Start of Records shown

Lemma invpoly_deriv_le (w : list R) (x y : R) :
  List.Forall (Rle 0) w -> x <= y -> y < T -> invpoly_deriv w x <= invpoly_deriv w y.
Proof.
  intros Hw Hxy Hy; induction Hw as [|a w Ha Hw IH]; simpl; [lra|].
  assert (0 <= invpoly w x) by (apply invpoly_ge0; auto; lra).
  assert (invpoly w x <= invpoly w y) by (apply invpoly_le; auto).
  assert (0 <= invpoly_deriv w x) by (apply invpoly_deriv_ge0; auto; lra).
  assert (0 < (T - y) ^ 2) by (apply pow_lt; lra).
  assert ((T - y) ^ 2 <= (T - x) ^ 2) by (apply pow_incr; lra).
  apply Rplus_le_compat; apply Rmult_le_compat; try lra;
    try (apply Rlt_le, Rinv_0_lt_compat; lra); apply Rinv_le_contravar; lra.
Qed.

Lemma invpoly_unit (m : nat) (x : R) :
  x < T -> invpoly (repeat 0 m ++ [1]) x = / (T - x) ^ S m.
Proof.
  intros Hx; induction m as [|m IH]; simpl in *; [field; lra|].
  rewrite IH; field; split; [apply pow_nonzero|]; lra.
Qed.

Hypothesis HT : 0 < T.

Lemma invpoly_divdiff (w : list R) (x : R) :
  x < T -> invpoly w x = invpoly w 0 + x * invpoly (divdiff w) x.
Proof. intros Hx; induction w as [|a w IH]; simpl; [ring|]; rewrite IH; field; lra. Qed.

Lemma divdiff_nonneg (w : list R) : List.Forall (Rle 0) w -> List.Forall (Rle 0) (divdiff w).
Proof.
  induction 1 as [|a w Ha Hw IH]; simpl; constructor; [|exact IH].
  assert (0 <= invpoly w 0) by (apply invpoly_ge0; auto).
  apply Rmult_le_pos; [lra|apply Rlt_le, Rinv_0_lt_compat; lra].
Qed.

Lemma iter_divdiff_nonneg (w : list R) (m : nat) :
  List.Forall (Rle 0) w -> List.Forall (Rle 0) (Nat.iter m divdiff w).
Proof. intros Hw; induction m; simpl; auto using divdiff_nonneg. Qed.

Lemma invpoly_taylor (w : list R) (m : nat) (x : R) : x < T ->
  invpoly w x = taylor_poly (fun j => invpoly (Nat.iter j divdiff w) 0) m x
                + x ^ m * invpoly (Nat.iter m divdiff w) x.
Proof.
  intros Hx; induction m as [|m IH]; simpl; [ring|].
  rewrite IH, (invpoly_divdiff (Nat.iter m divdiff w) x Hx); ring.
Qed.

End InvPoly.
(* Let $\mathcal{A}$ be a weighted pushdown system with state set $Q$ and stack alphabet $\Gamma$, and let $\pi$ be a finite path of $\mathcal{A}$ with additional stack height $\mathrm{ASH}(\pi) = d \geq (|Q|\cdot|\Gamma|)^2$. Then $\pi$ has a pumpable pair of paths.
   Context: A stack command over a finite alphabet $\Gamma$ is one of $\mathit{skip}$ (no change), $\mathit{pop}$ (delete top symbol), $\mathit{push}(z)$ for $z\in\Gamma$ (put $z$ on top). A weighted pushdown system (WPS) is $\mathcal{A}=\langle Q,\Gamma,q_0,E,w\rangle$ with finite state set $Q$, initial state $q_0\in Q$, finite stack alphabet $\Gamma$ containing a special bottom symbol $\bot$ that can be neither pushed nor popped, edge set $E\subseteq (Q\times\Gamma)\times(Q\times\mathrm{Com}(\Gamma))$ and integer weights $w:E\to\mathbb{Z}$. A configuration is a pair $(\alpha,q)$ with $\alpha\in\Gamma^+$ a stack string (top is the last symbol) and $q\in Q$; the initial configuration is $(\bot,q_0)$. $(\alpha',q')$ is a successor of $(\alpha,q)$ if there is an edge $(q,\gamma,q',\mathit{com})\in E$ with $\gamma$ the top symbol of $\alpha$ and $\alpha'=\mathit{com}(\alpha)$. A path is a (finite or infinite) sequence of configurations each of which is a successor of the previous one; equivalently it is a start configuration followed by the sequence of edges used. The stack height $\mathrm{SH}(\pi)$ of a finite path $\pi=\langle(\alpha_1,q_1),\dots,(\alpha_n,q_n)\rangle$ is $\max_i|\alpha_i|$, and its additional stack height is $\mathrm{ASH}(\pi)=\mathrm{SH}(\pi)-\max\{|\alpha_1|,|\alpha_n|\}$. For a path $\pi=\langle c_1 e_1 e_2\dots\rangle$, a pumpable pair is a pair $(p_1,p_2)$ of nonempty blocks of consecutive edges $p_1=e_{i_1}\dots e_{i_1+n_1}$, $p_2=e_{i_2}\dots e_{i_2+n_2}$ with $i_2>i_1+n_1$, such that for every $j\geq 0$ the sequence obtained from $\pi$ by replacing $p_1$ by $p_1^j$ and $p_2$ by $p_2^j$ (denoted $\pi^j_{(p_1,p_2)}$) is again a valid path from $c_1$. *)

From HB Require Import structures.
From mathcomp Require Import all_boot all_order all_algebra.
Set Implicit Arguments. Unset Strict Implicit. Unset Printing Implicit Defensive.

Inductive com (G : Type) := Skip | Pop | Push of G.
Arguments Skip {G}. Arguments Pop {G}.

Definition edge (Q G : Type) : Type := (Q * G * Q * com G)%type.
Definition e_src {Q G : Type} (e : edge Q G) : Q := e.1.1.1.
Definition e_top {Q G : Type} (e : edge Q G) : G := e.1.1.2.
Definition e_dst {Q G : Type} (e : edge Q G) : Q := e.1.2.
Definition e_com {Q G : Type} (e : edge Q G) : com G := e.2.

Record wps (Q G : finType) := WPS {
  q0 : Q;
  bot : G;
  E : pred (edge Q G);
  w : edge Q G -> int;
  no_push_bot : forall e, E e -> e_com e <> Push bot;
  no_pop_bot : forall e, E e -> e_top e = bot -> e_com e <> Pop
}.

(* Configurations: (stack, state); the top of the stack is the LAST symbol. *)
Definition config (Q G : Type) : Type := (seq G * Q)%type.

Definition com_apply {G : Type} (c : com G) (s : seq G) : seq G :=
  match c with
  | Skip => s
  | Pop => take (size s).-1 s
  | Push z => rcons s z
  end.

Definition next {Q G : Type} (c : config Q G) (e : edge Q G) : config Q G :=
  (com_apply (e_com e) c.1, e_dst e).

Definition enabled {Q G : finType} (A : wps Q G) (c : config Q G) (e : edge Q G) : Prop :=
  E A e /\ c.2 = e_src e /\ (exists s, c.1 = rcons s (e_top e))
  /\ (next c e).1 <> [::].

End of Records shown

### Work to be completed
Please reproduce, exactly as they appear above, the lines from the line containing "Lemma invpoly_unit (m" up to and including the line containing "x < T -> invpoly w".

### Solution
Lemma invpoly_unit (m : nat) (x : R) :
  x < T -> invpoly (repeat 0 m ++ [1]) x = / (T - x) ^ S m.
Proof.
  intros Hx; induction m as [|m IH]; simpl in *; [field; lra|].
  rewrite IH; field; split; [apply pow_nonzero|]; lra.
Qed.

Hypothesis HT : 0 < T.

Lemma invpoly_divdiff (w : list R) (x : R) :
  x < T -> invpoly w x = invpoly w 0 + x * invpoly (divdiff w) x.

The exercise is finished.